Photo by John Schreiber.
Photo by John Schreiber.

Officials at Ronald Reagan UCLA Medical Center have begun notifying 179 patients that they may have been infected by an often deadly “superbug” bacteria already linked to the deaths of two UCLA patients.

Seven UCLA patients have been infected by carbapenem-resistant Enterobacteriaceae, or CRE, bacteria, and it may have been “a contributing factor in the death of two patients,” according to a UCLA Health System statement.

The Food and Drug Administration this morning issued a warning to hospitals through its safety communications systems about duodenoscopes, the scopes that may have triggered the UCLA outbreak, Los Angeles County health officials said. The agency said the design of the scopes may make them more difficult to clean, and it urged that they be washed meticulously.

By some estimates, if the infection spreads to a person’s bloodstream, the bacteria can kill 40 to 50 percent of patients, the Los Angeles Times reported.

Hospital officials said they are in the process of notifying 179 potentially affected patients.

The potential exposure occurred “during complex endoscopic procedures that took place between October 2014 and January 2015.”

“The patients are being offered a free home testing kit that would be analyzed at UCLA,” according to the hospital.

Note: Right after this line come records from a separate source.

(* Let $u(t)$ be a (twice continuously differentiable in $t$) vector of grid values on the reference grid satisfying the semidiscrete scheme $$J a\,\ddot{u} = \mathbb{D}_{jk}(\alpha_{ijik} b)\,u + \mathrm{SAT},$$ where $\mathrm{SAT}=\mathrm{SAT}(t)$ is an arbitrary vector of grid values (summation over $i,j,k$). Then $$\frac{dE}{dt} = \langle \dot u,\, b D_{\hat n} u\rangle_{\Gamma',h} + \dot u^T H\,\mathrm{SAT}.$$ In particular, with the Neumann penalty $$\mathrm{SAT} = -H^{-1}\sum_{f\in F} e_f\,\gamma\,H_f\, b\,\big(e_f^T D_{\hat n} u - 0\big)$$ (all coefficients evaluated on face $f$, and $D_{\hat n}$ formed with the normal of face $f$), one has $\frac{dE}{dt}=0$, and $E\ge 0$ for all $u,\dot u$.
   Context: Summation convention: repeated subscript indices are summed from $1$ to $d$ unless ''no sum'' is stated. Every grid function (coefficient) is identified with the diagonal matrix of its grid values. One-dimensional SBP operators: on an equidistant grid of $N$ points with spacing $h$, let $e_\ell=(1,0,\dots,0)^T$, $e_r=(0,\dots,0,1)^T$, $H_\xi = h\,\mathrm{diag}(w_1,\dots,w_s,1,\dots,1,w_s,\dots,w_1)$ with all $w_i>0$, and $\theta_H:=w_1$. $D_\xi$ is an $N\times N$ matrix with $H_\xi D_\xi + D_\xi^T H_\xi = -e_\ell e_\ell^T + e_r e_r^T$; $\hat D_\xi$ is another $N\times N$ matrix and $\Delta D_\xi = D_\xi-\hat D_\xi$. For each grid function $c$, $D_{\xi\xi}(c)$ and $R_{\xi\xi}(c)$ are $N\times N$ matrices with $H_\xi D_{\xi\xi}(c) = -D_\xi^T H_\xi c D_\xi - R_{\xi\xi}(c) - e_\ell c_\ell e_\ell^T \hat D_\xi + e_r c_r e_r^T\hat D_\xi$ ($c_\ell,c_r$ the endpoint values of $c$), where $R_{\xi\xi}(c)$ depends linearly on $c$ and is symmetric positive semidefinite whenever $c\ge 0$ entrywise. Multi-dimensional operators: the reference domain $\Omega=[0,1]^d$ carries the tensor-product grid with $N$ points and spacing $h$ in each direction. $D_i$, $\hat D_i$, $H_i$ are the Kronecker products $I\otimes\cdots\otimes X\otimes\cdots\otimes I$ with $X=D_\xi,\hat D_\xi,H_\xi$ respectively in the $i$th factor; $\Delta D_i=D_i-\hat D_i$; $H=H_\xi\otimes\cdots\otimes H_\xi$ ($d$ factors). For a grid function $c$, $D_{ii}(c)$ (resp. $\widetilde R_{ii}(c)$) applies $D_{\xi\xi}$ (resp. $R_{\xi\xi}$), with $c$ restricted to the line, along every grid line in direction $i$, and $R_{ii}(c)=H_i^{-1}H\widetilde R_{ii}(c)$. Define $\mathbb D_{jk}(c)=D_{jj}(c)$ if $j=k$ and $\mathbb D_{jk}(c)=D_j c D_k$ if $j\ne k$. Faces: $\Gamma_i^-=\{\xi_i=0\}$, $\Gamma_i^+=\{\xi_i=1\}$, $F$ the set of all $2d$ faces. For $f\in F$, $e_f$ is the restriction matrix such that $e_f^Tu$ is the vector of values of $u$ at the grid points of $f$; for $f=\Gamma_i^\pm$, $H_f$ is the Kronecker product of $d-1$ copies of $H_\xi$ (direction $i$ omitted), and $\nu=(\nu_1,\dots,\nu_d)$ is the outward unit normal of $f$ in reference coordinates ($\nu_i=\pm1$, other components $0$). Discrete forms: $\langle u,v\rangle_{\Omega,h}=u^THv$, $\langle u,v\rangle_{\Gamma,h}=\sum_{f\in F}(e_f^Tu)^TH_f(e_f^Tv)$, where in the term for face $f$ every occurrence of $\nu$ or of face-dependent quantities refers to face $f$ (also at edge and corner points); $\|u\|^2_{\Omega,h}=\langle u,u\rangle_{\Omega,h}$, $\|u\|^2_{\Gamma,h}=\langle u,u\rangle_{\Gamma,h}$. Geometry and coefficients: a smooth bijection $\vec x(\vec\xi)$ from $\Omega$ onto the physical domain $\Omega'$; $\mathcal J_{ij}=\partial x_j/\partial\xi_i$, $J=\det\mathcal J>0$, $\mathcal K_{ij}=\partial\xi_j/\partial x_i$; $\gamma>0$ on $\partial\Omega$ is defined by $d\Gamma'=\gamma\,d\Gamma$ (surface element ratio); $a>0$, $b>0$ are coefficient functions; all are evaluated at grid points and regarded as diagonal matrices. $\alpha_{ijkl}=\mathcal K_{ij}J\mathcal K_{kl}$. Physical forms: $\langle u,v\rangle_{\Omega',h}=\langle u,Jv\rangle_{\Omega,h}$, $\langle u,v\rangle_{\Gamma',h}=\langle u,\gamma v\rangle_{\Gamma,h}$, with associated squared (semi)norms. $D_{x_i}=\mathcal K_{ij}D_j$. The discrete normal derivative (used at boundary points, face by face) is $D_{\hat n}=\nu_j\frac{\alpha_{ijik}}{\gamma}D_k-\sum_k\nu_k\frac{\alpha_{ikik}}{\gamma}\Delta D_k$. Let $\eta_k=\alpha_{ikik}b$ (sum over $i$, no sum over $k$). The discrete energy is $$E=\tfrac12\|\sqrt a\,\dot u\|^2_{\Omega',h}+\tfrac12\sum_i\|\sqrt b\,D_{x_i}u\|^2_{\Omega',h}+\tfrac12\sum_k u^TR_{kk}(\eta_k)u.$$ All coefficients are time-independent. *)

From Stdlib Require Import Reals Lra Lia.
Open Scope R_scope.

Fixpoint rsum (n : nat) (f : nat -> R) : R :=
  match n with O => 0 | S n' => rsum n' f + f n' end.
Fixpoint rprod (n : nat) (f : nat -> R) : R :=
  match n with O => 1 | S n' => rprod n' f * f n' end.

Definition indic (b : bool) : R := if b then 1 else 0.

(** Vectors (grid functions) and matrices, indexed by nat; only the
    entries with indices below the relevant size are meaningful. *)
Definition vec := nat -> R.
Definition mat := nat -> nat -> R.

UCLA Health system officials said scopes used in the procedures, which are inserted through the throat and considered minimally invasive, were sterilized according to manufacturer specifications. Nonetheless, “an internal investigation determined that (the bacteria) may have been transmitted during a procedure that uses this specialized scope to diagnose and treat pancreaticobiliary diseases and a contributing factor in the death of two patients.”

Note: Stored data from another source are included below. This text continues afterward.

(* Let $\mathsf{K}$ be one of the varieties $\mathsf{ISL}$, $\mathsf{bISL}$, $\mathsf{PDL}$, $\mathsf{IL}$, $\mathsf{HA}$ (defined in the context), and let $\boldsymbol{A} \in \mathsf{K}$. Then there exist a Heyting algebra $\boldsymbol{B}$ and an embedding of $\boldsymbol{A}$ into the reduct $\boldsymbol{B}^-$ of $\boldsymbol{B}$ to the language of $\mathsf{K}$, such that $\boldsymbol{B}^- \in \mathbb{U}(\boldsymbol{A})$, where $\mathbb{U}(\boldsymbol{A}) = \mathbb{I}\mathbb{S}\mathbb{P}_{u}(\boldsymbol{A})$ is the least universal class containing $\boldsymbol{A}$ (equivalently, $\boldsymbol{B}^-$ satisfies every universal first-order sentence true in $\boldsymbol{A}$).
   Context: A semilattice $\langle A;\land\rangle$ is ordered by $a \le b$ iff $a\land b = a$. The varieties are: $\mathsf{ISL}$ (implicative semilattices), algebras $\langle A;\land,\to,1\rangle$ where $\langle A;\land\rangle$ is a semilattice with maximum $1$ and $c\land a\le b \iff c \le a\to b$ for all $a,b,c$; $\mathsf{bISL}$ (bounded implicative semilattices), algebras $\langle A;\land,\to,0,1\rangle$ where $\langle A;\land,\to,1\rangle\in\mathsf{ISL}$ and $0$ is the minimum; $\mathsf{PDL}$ (pseudocomplemented distributive lattices), algebras $\langle A;\land,\lor,\lnot,0,1\rangle$ where $\langle A;\land,\lor\rangle$ is a distributive lattice with minimum $0$ and maximum $1$ and $c\land a = 0 \iff c\le \lnot a$; $\mathsf{IL}$ (implicative lattices), algebras $\langle A;\land,\lor,\to,1\rangle$ that are lattices whose meet-semilattice reduct with $\to,1$ is in $\mathsf{ISL}$; $\mathsf{HA}$ (Heyting algebras), algebras $\langle A;\land,\lor,\to,0,1\rangle$ that are implicative lattices with minimum $0$. Each of these is the class of subreducts of Heyting algebras in the respective language. The universal class generated by a class of algebras is the class of all algebras satisfying all universal sentences it satisfies; it equals $\mathbb{I}\mathbb{S}\mathbb{P}_u$ of the class (isomorphic copies of subalgebras of ultraproducts). *)

(** An algebra of one of the smaller languages is represented by such a record
    whose fields outside that language are irrelevant (nothing below depends on
    them when working in that language). *)
Record alg : Type := Alg {
  car : Type;
  meet : car -> car -> car;
  join : car -> car -> car;
  imp  : car -> car -> car;
  neg  : car -> car;
  bot  : car;
  top  : car
}.

Inductive variety : Type := ISL | bISL | PDL | IL | HA.

Definition has_meet (K : variety) : bool := true.
Definition has_top  (K : variety) : bool := true.
Definition has_join (K : variety) : bool :=
  match K with PDL | IL | HA => true | _ => false end.
Definition has_imp (K : variety) : bool :=
  match K with PDL => false | _ => true end.
Definition has_neg (K : variety) : bool :=
  match K with PDL => true | _ => false end.
Definition has_bot (K : variety) : bool :=
  match K with bISL | PDL | HA => true | _ => false end.

Section VarietyDefs.
Variable A : alg.
Local Notation "x ∧ y" := (meet A x y) (at level 40, left associativity).
Local Notation "x ∨ y" := (join A x y) (at level 50, left associativity).
Local Notation "x ⇒ y" := (imp A x y) (at level 55, right associativity).

Definition leA (a b : car A) : Prop := a ∧ b = a.

Definition is_semilattice : Prop :=
  (forall a b c, a ∧ (b ∧ c) = (a ∧ b) ∧ c) /\
  (forall a b, a ∧ b = b ∧ a) /\
  (forall a, a ∧ a = a).

Definition is_lattice : Prop :=
  is_semilattice /\
  (forall a b c, a ∨ (b ∨ c) = (a ∨ b) ∨ c) /\
  (forall a b, a ∨ b = b ∨ a) /\
  (forall a, a ∨ a = a) /\
  (forall a b, a ∧ (a ∨ b) = a) /\
  (forall a b, a ∨ (a ∧ b) = a).

Definition is_distributive : Prop :=
  forall a b c, a ∧ (b ∨ c) = (a ∧ b) ∨ (a ∧ c).

Definition top_max : Prop := forall a, leA a (top A).
Definition bot_min : Prop := forall a, leA (bot A) a.

Definition residuated : Prop :=
  forall a b c, leA (c ∧ a) b <-> leA c (a ⇒ b).

Definition pseudocomplemented : Prop :=
  forall a c, c ∧ a = bot A <-> leA c (neg A a).

Definition is_ISL : Prop := is_semilattice /\ top_max /\ residuated.
Definition is_bISL : Prop := is_ISL /\ bot_min.
Definition is_PDL : Prop :=
  is_lattice /\ is_distributive /\ bot_min /\ top_max /\ pseudocomplemented.
Definition is_IL : Prop := is_lattice /\ is_ISL.
Definition is_HA : Prop := is_IL /\ bot_min.
End VarietyDefs.

Definition in_variety (K : variety) (A : alg) : Prop :=
  match K with
  | ISL => is_ISL A
  | bISL => is_bISL A
  | PDL => is_PDL A
  | IL => is_IL A
  | HA => is_HA A
  end.

(** Heyting algebra: the HA axioms on <car; /\, \/, ->, 0, 1>
    (the [neg] field is irrelevant). *)
Definition heyting (B : alg) : Prop := is_HA B.

Definition reduct (B : alg) : alg :=
  Alg (car B) (meet B) (join B) (imp B) (fun x => imp B x (bot B)) (bot B) (top B).

Definition embedding (K : variety) (A C : alg) (f : car A -> car C) : Prop :=
  (forall x y, f x = f y -> x = y) /\
  (forall x y, f (meet A x y) = meet C (f x) (f y)) /\
  f (top A) = top C /\
  (has_join K = true -> forall x y, f (join A x y) = join C (f x) (f y)) /\
  (has_imp K = true -> forall x y, f (imp A x y) = imp C (f x) (f y)) /\
  (has_neg K = true -> forall x, f (neg A x) = neg C (f x)) /\
  (has_bot K = true -> f (bot A) = bot C).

Hospital officials said similar exposures to CRE have been reported at other U.S. hospitals that use the same type of scopes.

“The two scopes involved with the infection were immediately removed and UCLA is now utilizing a decontamination process that goes above and beyond the manufacturer and national standards,” according to UCLA. “Both the Los Angeles County Department of Health and the California Department of Public Health were notified as soon as the bacteria were detected.”

Officials at the U.S. Centers for Disease Control and Prevention say they are assisting the Los Angeles County Department of Public Health in its investigation of the UCLA infections.

CRE is a family of bacteria that is resistant to many common antibiotics. The bacteria can cause infections in patients who have other serious medical problems or who are “undergoing operations or other invasive procedures,” hospital officials said.

Since 2012, there have been about a half-dozen outbreaks affecting up to 150 patients in Illinois, Pennsylvania and Washington State, The Times reported.

Last month, Virginia Mason Medical Center in Seattle acknowledged that 32 patients were sickened by contaminated endoscopes from 2012 to 2014 with a bacterial strain similar to CRE. Eleven died. But, according to The Times, Virginia Mason said other factors may have contributed to their deaths because many of them were already critically ill.